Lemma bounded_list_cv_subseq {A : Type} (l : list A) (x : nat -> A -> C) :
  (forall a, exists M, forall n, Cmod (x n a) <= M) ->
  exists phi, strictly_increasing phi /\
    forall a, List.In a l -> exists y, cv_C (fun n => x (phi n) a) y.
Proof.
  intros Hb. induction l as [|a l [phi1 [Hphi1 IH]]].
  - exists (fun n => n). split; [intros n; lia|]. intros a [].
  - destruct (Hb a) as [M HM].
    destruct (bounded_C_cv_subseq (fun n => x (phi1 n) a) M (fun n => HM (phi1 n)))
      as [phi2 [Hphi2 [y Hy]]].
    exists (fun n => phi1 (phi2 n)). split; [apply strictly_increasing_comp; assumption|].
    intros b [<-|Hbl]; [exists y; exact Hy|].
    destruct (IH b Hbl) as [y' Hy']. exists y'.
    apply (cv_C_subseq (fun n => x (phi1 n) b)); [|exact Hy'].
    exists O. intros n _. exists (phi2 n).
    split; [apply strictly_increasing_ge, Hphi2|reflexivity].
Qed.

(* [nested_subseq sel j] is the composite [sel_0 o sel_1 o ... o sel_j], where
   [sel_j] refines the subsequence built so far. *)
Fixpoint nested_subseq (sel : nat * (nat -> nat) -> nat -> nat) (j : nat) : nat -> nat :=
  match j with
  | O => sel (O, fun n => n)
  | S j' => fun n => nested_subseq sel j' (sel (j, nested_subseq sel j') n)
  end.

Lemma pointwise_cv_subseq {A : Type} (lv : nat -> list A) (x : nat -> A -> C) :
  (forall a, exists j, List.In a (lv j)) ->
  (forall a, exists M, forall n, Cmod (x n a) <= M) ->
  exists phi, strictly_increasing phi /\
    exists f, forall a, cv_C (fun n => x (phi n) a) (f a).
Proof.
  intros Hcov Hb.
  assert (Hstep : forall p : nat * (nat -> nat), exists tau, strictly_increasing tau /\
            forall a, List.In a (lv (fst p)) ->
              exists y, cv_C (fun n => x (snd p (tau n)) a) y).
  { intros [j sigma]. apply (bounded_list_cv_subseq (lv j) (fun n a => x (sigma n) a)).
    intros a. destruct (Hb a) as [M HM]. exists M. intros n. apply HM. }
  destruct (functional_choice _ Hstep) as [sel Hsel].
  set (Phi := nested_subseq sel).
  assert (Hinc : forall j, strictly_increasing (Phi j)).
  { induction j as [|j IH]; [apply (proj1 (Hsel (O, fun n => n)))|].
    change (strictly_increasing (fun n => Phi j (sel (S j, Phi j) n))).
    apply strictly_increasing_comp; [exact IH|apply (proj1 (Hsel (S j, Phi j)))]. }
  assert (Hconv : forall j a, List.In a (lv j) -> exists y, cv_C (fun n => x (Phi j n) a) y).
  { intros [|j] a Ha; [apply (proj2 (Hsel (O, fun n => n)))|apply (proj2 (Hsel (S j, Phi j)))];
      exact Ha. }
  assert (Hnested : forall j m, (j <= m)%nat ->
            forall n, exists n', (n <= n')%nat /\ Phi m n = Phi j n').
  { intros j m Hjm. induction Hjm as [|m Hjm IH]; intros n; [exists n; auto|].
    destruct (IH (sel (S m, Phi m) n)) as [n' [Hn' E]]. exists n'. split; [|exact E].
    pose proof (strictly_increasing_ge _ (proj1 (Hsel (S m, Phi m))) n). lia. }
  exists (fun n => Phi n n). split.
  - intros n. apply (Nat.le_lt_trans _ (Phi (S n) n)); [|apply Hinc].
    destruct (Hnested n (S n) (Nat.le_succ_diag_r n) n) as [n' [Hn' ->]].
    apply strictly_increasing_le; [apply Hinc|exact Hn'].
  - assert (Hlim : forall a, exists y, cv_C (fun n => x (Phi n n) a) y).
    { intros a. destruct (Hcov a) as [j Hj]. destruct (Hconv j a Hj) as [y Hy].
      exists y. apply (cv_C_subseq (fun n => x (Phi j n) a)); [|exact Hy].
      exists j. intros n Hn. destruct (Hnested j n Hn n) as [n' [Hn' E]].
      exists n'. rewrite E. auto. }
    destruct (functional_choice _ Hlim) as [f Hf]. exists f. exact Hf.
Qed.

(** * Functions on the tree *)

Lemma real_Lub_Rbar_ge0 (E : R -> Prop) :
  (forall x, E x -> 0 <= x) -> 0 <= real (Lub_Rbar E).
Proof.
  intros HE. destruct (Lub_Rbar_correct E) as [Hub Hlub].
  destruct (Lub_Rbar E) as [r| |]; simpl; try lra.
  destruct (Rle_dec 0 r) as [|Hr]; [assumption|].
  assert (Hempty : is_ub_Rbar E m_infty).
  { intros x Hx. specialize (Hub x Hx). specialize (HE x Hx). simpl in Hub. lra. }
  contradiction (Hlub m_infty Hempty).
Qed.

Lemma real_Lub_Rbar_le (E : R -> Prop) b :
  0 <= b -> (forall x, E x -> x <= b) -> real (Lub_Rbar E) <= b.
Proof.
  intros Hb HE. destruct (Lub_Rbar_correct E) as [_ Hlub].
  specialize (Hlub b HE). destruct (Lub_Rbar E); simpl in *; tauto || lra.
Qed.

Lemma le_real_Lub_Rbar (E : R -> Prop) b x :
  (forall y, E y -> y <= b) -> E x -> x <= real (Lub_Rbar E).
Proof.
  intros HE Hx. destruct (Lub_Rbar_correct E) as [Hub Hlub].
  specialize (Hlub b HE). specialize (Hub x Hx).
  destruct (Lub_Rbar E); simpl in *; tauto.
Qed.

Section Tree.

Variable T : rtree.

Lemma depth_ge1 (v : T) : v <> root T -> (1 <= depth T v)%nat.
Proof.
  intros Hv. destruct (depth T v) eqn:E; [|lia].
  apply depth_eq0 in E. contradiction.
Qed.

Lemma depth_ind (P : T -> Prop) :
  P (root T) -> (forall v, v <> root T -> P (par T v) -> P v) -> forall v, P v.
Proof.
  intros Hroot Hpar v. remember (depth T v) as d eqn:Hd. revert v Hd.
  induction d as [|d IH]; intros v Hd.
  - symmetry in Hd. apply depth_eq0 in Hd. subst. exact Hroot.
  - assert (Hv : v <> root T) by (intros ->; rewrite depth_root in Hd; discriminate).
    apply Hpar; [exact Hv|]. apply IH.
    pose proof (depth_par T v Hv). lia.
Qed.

:: WORK REQUIRED ::
Write the entire listing out again, word for word.

:: OUTPUT OF THE TASK ::
Lemma bounded_list_cv_subseq {A : Type} (l : list A) (x : nat -> A -> C) :
  (forall a, exists M, forall n, Cmod (x n a) <= M) ->
  exists phi, strictly_increasing phi /\
    forall a, List.In a l -> exists y, cv_C (fun n => x (phi n) a) y.
Proof.
  intros Hb. induction l as [|a l [phi1 [Hphi1 IH]]].
  - exists (fun n => n). split; [intros n; lia|]. intros a [].
  - destruct (Hb a) as [M HM].
    destruct (bounded_C_cv_subseq (fun n => x (phi1 n) a) M (fun n => HM (phi1 n)))
      as [phi2 [Hphi2 [y Hy]]].
    exists (fun n => phi1 (phi2 n)). split; [apply strictly_increasing_comp; assumption|].
    intros b [<-|Hbl]; [exists y; exact Hy|].
    destruct (IH b Hbl) as [y' Hy']. exists y'.
    apply (cv_C_subseq (fun n => x (phi1 n) b)); [|exact Hy'].
    exists O. intros n _. exists (phi2 n).
    split; [apply strictly_increasing_ge, Hphi2|reflexivity].
Qed.

(* [nested_subseq sel j] is the composite [sel_0 o sel_1 o ... o sel_j], where
   [sel_j] refines the subsequence built so far. *)
Fixpoint nested_subseq (sel : nat * (nat -> nat) -> nat -> nat) (j : nat) : nat -> nat :=
  match j with
  | O => sel (O, fun n => n)
  | S j' => fun n => nested_subseq sel j' (sel (j, nested_subseq sel j') n)
  end.

Lemma pointwise_cv_subseq {A : Type} (lv : nat -> list A) (x : nat -> A -> C) :
  (forall a, exists j, List.In a (lv j)) ->
  (forall a, exists M, forall n, Cmod (x n a) <= M) ->
  exists phi, strictly_increasing phi /\
    exists f, forall a, cv_C (fun n => x (phi n) a) (f a).
Proof.
  intros Hcov Hb.
  assert (Hstep : forall p : nat * (nat -> nat), exists tau, strictly_increasing tau /\
            forall a, List.In a (lv (fst p)) ->
              exists y, cv_C (fun n => x (snd p (tau n)) a) y).
  { intros [j sigma]. apply (bounded_list_cv_subseq (lv j) (fun n a => x (sigma n) a)).
    intros a. destruct (Hb a) as [M HM]. exists M. intros n. apply HM. }
  destruct (functional_choice _ Hstep) as [sel Hsel].
  set (Phi := nested_subseq sel).
  assert (Hinc : forall j, strictly_increasing (Phi j)).
  { induction j as [|j IH]; [apply (proj1 (Hsel (O, fun n => n)))|].
    change (strictly_increasing (fun n => Phi j (sel (S j, Phi j) n))).
    apply strictly_increasing_comp; [exact IH|apply (proj1 (Hsel (S j, Phi j)))]. }
  assert (Hconv : forall j a, List.In a (lv j) -> exists y, cv_C (fun n => x (Phi j n) a) y).
  { intros [|j] a Ha; [apply (proj2 (Hsel (O, fun n => n)))|apply (proj2 (Hsel (S j, Phi j)))];
      exact Ha. }
  assert (Hnested : forall j m, (j <= m)%nat ->
            forall n, exists n', (n <= n')%nat /\ Phi m n = Phi j n').
  { intros j m Hjm. induction Hjm as [|m Hjm IH]; intros n; [exists n; auto|].
    destruct (IH (sel (S m, Phi m) n)) as [n' [Hn' E]]. exists n'. split; [|exact E].
    pose proof (strictly_increasing_ge _ (proj1 (Hsel (S m, Phi m))) n). lia. }
  exists (fun n => Phi n n). split.
  - intros n. apply (Nat.le_lt_trans _ (Phi (S n) n)); [|apply Hinc].
    destruct (Hnested n (S n) (Nat.le_succ_diag_r n) n) as [n' [Hn' ->]].
    apply strictly_increasing_le; [apply Hinc|exact Hn'].
  - assert (Hlim : forall a, exists y, cv_C (fun n => x (Phi n n) a) y).
    { intros a. destruct (Hcov a) as [j Hj]. destruct (Hconv j a Hj) as [y Hy].
      exists y. apply (cv_C_subseq (fun n => x (Phi j n) a)); [|exact Hy].
      exists j. intros n Hn. destruct (Hnested j n Hn n) as [n' [Hn' E]].
      exists n'. rewrite E. auto. }
    destruct (functional_choice _ Hlim) as [f Hf]. exists f. exact Hf.
Qed.

(** * Functions on the tree *)

Lemma real_Lub_Rbar_ge0 (E : R -> Prop) :
  (forall x, E x -> 0 <= x) -> 0 <= real (Lub_Rbar E).
Proof.
  intros HE. destruct (Lub_Rbar_correct E) as [Hub Hlub].
  destruct (Lub_Rbar E) as [r| |]; simpl; try lra.
  destruct (Rle_dec 0 r) as [|Hr]; [assumption|].
  assert (Hempty : is_ub_Rbar E m_infty).
  { intros x Hx. specialize (Hub x Hx). specialize (HE x Hx). simpl in Hub. lra. }
  contradiction (Hlub m_infty Hempty).
Qed.

Lemma real_Lub_Rbar_le (E : R -> Prop) b :
  0 <= b -> (forall x, E x -> x <= b) -> real (Lub_Rbar E) <= b.
Proof.
  intros Hb HE. destruct (Lub_Rbar_correct E) as [_ Hlub].
  specialize (Hlub b HE). destruct (Lub_Rbar E); simpl in *; tauto || lra.
Qed.

Lemma le_real_Lub_Rbar (E : R -> Prop) b x :
  (forall y, E y -> y <= b) -> E x -> x <= real (Lub_Rbar E).
Proof.
  intros HE Hx. destruct (Lub_Rbar_correct E) as [Hub Hlub].
  specialize (Hlub b HE). specialize (Hub x Hx).
  destruct (Lub_Rbar E); simpl in *; tauto.
Qed.

Section Tree.

Variable T : rtree.

Lemma depth_ge1 (v : T) : v <> root T -> (1 <= depth T v)%nat.
Proof.
  intros Hv. destruct (depth T v) eqn:E; [|lia].
  apply depth_eq0 in E. contradiction.
Qed.

Lemma depth_ind (P : T -> Prop) :
  P (root T) -> (forall v, v <> root T -> P (par T v) -> P v) -> forall v, P v.
Proof.
  intros Hroot Hpar v. remember (depth T v) as d eqn:Hd. revert v Hd.
  induction d as [|d IH]; intros v Hd.
  - symmetry in Hd. apply depth_eq0 in Hd. subst. exact Hroot.
  - assert (Hv : v <> root T) by (intros ->; rewrite depth_root in Hd; discriminate).
    apply Hpar; [exact Hv|]. apply IH.
    pose proof (depth_par T v Hv). lia.
Qed.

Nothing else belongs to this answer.